(Collected data entries)
= = = =

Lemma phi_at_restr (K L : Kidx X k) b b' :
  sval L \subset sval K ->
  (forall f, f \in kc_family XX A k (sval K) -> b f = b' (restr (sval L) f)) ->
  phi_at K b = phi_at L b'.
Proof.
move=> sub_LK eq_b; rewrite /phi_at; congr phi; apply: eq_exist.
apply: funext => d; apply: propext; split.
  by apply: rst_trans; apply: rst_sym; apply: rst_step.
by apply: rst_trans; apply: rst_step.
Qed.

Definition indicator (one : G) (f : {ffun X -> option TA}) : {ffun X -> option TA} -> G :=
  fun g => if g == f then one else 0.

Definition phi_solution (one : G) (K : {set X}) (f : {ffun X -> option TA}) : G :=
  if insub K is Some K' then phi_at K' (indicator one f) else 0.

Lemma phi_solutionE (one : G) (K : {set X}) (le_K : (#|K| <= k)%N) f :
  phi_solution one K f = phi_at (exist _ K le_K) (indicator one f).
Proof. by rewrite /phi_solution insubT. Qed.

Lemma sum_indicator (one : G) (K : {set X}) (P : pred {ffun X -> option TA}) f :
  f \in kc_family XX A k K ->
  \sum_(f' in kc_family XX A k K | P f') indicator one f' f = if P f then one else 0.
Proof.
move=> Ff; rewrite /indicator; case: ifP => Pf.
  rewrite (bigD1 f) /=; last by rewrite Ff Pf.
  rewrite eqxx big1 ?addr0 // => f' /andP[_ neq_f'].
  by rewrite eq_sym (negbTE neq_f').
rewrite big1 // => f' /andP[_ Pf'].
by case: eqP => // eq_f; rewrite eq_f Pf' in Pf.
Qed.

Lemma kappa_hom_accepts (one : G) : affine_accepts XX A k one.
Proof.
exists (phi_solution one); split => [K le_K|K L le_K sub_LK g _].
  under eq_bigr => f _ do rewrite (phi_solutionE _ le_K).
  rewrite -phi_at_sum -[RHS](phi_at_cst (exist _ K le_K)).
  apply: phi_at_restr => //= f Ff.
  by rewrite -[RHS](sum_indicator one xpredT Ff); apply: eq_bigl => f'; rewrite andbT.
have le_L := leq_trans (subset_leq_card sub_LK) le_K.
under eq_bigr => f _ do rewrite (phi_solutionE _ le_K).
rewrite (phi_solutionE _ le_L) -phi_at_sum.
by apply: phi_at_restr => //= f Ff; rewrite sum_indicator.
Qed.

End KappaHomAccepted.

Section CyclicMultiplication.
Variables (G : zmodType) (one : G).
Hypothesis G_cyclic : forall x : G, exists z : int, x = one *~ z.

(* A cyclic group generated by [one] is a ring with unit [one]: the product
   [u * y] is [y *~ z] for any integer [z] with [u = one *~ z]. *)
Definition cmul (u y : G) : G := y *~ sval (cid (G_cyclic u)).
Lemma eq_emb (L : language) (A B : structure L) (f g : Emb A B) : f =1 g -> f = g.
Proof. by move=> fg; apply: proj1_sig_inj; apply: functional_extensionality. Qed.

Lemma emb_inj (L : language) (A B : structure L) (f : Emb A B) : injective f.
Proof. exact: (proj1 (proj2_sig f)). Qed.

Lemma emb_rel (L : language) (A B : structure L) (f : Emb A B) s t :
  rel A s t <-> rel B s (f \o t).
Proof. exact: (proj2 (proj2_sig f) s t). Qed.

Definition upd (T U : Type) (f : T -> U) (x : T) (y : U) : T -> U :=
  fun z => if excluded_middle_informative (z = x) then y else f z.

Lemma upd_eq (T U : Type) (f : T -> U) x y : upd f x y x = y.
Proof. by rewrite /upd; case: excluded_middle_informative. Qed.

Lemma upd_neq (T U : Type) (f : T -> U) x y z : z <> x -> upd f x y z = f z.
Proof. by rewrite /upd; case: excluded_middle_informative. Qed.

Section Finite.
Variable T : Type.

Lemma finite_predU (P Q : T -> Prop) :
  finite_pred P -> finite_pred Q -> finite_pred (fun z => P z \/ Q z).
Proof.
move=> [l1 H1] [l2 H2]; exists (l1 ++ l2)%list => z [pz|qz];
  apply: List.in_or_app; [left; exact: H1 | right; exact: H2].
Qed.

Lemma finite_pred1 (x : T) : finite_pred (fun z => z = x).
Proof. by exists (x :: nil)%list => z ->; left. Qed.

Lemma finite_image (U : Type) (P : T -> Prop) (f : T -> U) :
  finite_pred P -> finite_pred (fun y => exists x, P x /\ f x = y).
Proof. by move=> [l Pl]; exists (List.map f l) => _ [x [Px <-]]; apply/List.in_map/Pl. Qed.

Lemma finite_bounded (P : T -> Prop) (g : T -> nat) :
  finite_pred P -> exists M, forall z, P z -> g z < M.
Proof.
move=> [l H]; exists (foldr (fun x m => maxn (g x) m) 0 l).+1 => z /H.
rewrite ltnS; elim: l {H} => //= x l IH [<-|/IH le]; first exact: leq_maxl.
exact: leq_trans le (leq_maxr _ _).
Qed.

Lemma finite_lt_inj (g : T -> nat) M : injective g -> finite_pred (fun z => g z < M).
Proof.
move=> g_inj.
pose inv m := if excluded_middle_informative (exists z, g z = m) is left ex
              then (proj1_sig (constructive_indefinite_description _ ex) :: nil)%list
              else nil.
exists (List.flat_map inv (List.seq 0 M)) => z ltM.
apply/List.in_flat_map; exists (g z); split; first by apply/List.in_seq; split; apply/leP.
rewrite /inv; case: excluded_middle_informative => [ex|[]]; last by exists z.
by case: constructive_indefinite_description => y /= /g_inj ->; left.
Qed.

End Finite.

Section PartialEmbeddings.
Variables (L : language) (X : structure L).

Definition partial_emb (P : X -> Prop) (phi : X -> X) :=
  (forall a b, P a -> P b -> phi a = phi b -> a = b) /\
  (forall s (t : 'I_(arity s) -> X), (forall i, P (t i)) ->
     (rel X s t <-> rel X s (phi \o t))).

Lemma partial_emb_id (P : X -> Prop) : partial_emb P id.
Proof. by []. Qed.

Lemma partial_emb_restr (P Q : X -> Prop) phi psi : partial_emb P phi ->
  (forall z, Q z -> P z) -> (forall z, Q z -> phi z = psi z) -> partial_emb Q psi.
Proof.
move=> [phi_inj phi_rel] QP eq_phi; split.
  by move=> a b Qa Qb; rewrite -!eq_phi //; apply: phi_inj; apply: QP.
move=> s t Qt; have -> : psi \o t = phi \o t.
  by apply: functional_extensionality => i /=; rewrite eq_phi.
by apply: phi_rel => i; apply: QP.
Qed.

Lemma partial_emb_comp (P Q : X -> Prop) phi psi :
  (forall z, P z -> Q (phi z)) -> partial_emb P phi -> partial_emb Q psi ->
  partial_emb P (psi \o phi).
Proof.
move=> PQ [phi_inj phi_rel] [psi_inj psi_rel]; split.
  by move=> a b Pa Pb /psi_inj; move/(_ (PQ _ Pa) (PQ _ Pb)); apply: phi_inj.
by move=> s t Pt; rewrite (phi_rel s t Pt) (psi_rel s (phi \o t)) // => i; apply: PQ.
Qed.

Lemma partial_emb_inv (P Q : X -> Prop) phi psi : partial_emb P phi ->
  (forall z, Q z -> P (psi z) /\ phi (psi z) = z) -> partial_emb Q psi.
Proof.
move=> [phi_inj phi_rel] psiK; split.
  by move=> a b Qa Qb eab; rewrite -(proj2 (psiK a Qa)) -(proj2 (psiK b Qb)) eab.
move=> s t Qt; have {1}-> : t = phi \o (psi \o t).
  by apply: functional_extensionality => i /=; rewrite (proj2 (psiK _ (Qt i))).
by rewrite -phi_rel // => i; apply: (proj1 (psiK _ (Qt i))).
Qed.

= = = =

Activity:
The lines to extract from the data above begin with the line containing "(forall a b, P" and end with the line containing "Lemma partial_emb_comp (P". Extract them exactly, including both.

Problem solution:
  (forall a b, P a -> P b -> phi a = phi b -> a = b) /\
  (forall s (t : 'I_(arity s) -> X), (forall i, P (t i)) ->
     (rel X s t <-> rel X s (phi \o t))).

Lemma partial_emb_id (P : X -> Prop) : partial_emb P id.
Proof. by []. Qed.

Lemma partial_emb_restr (P Q : X -> Prop) phi psi : partial_emb P phi ->
  (forall z, Q z -> P z) -> (forall z, Q z -> phi z = psi z) -> partial_emb Q psi.
Proof.
move=> [phi_inj phi_rel] QP eq_phi; split.
  by move=> a b Qa Qb; rewrite -!eq_phi //; apply: phi_inj; apply: QP.
move=> s t Qt; have -> : psi \o t = phi \o t.
  by apply: functional_extensionality => i /=; rewrite eq_phi.
by apply: phi_rel => i; apply: QP.
Qed.

Lemma partial_emb_comp (P Q : X -> Prop) phi psi :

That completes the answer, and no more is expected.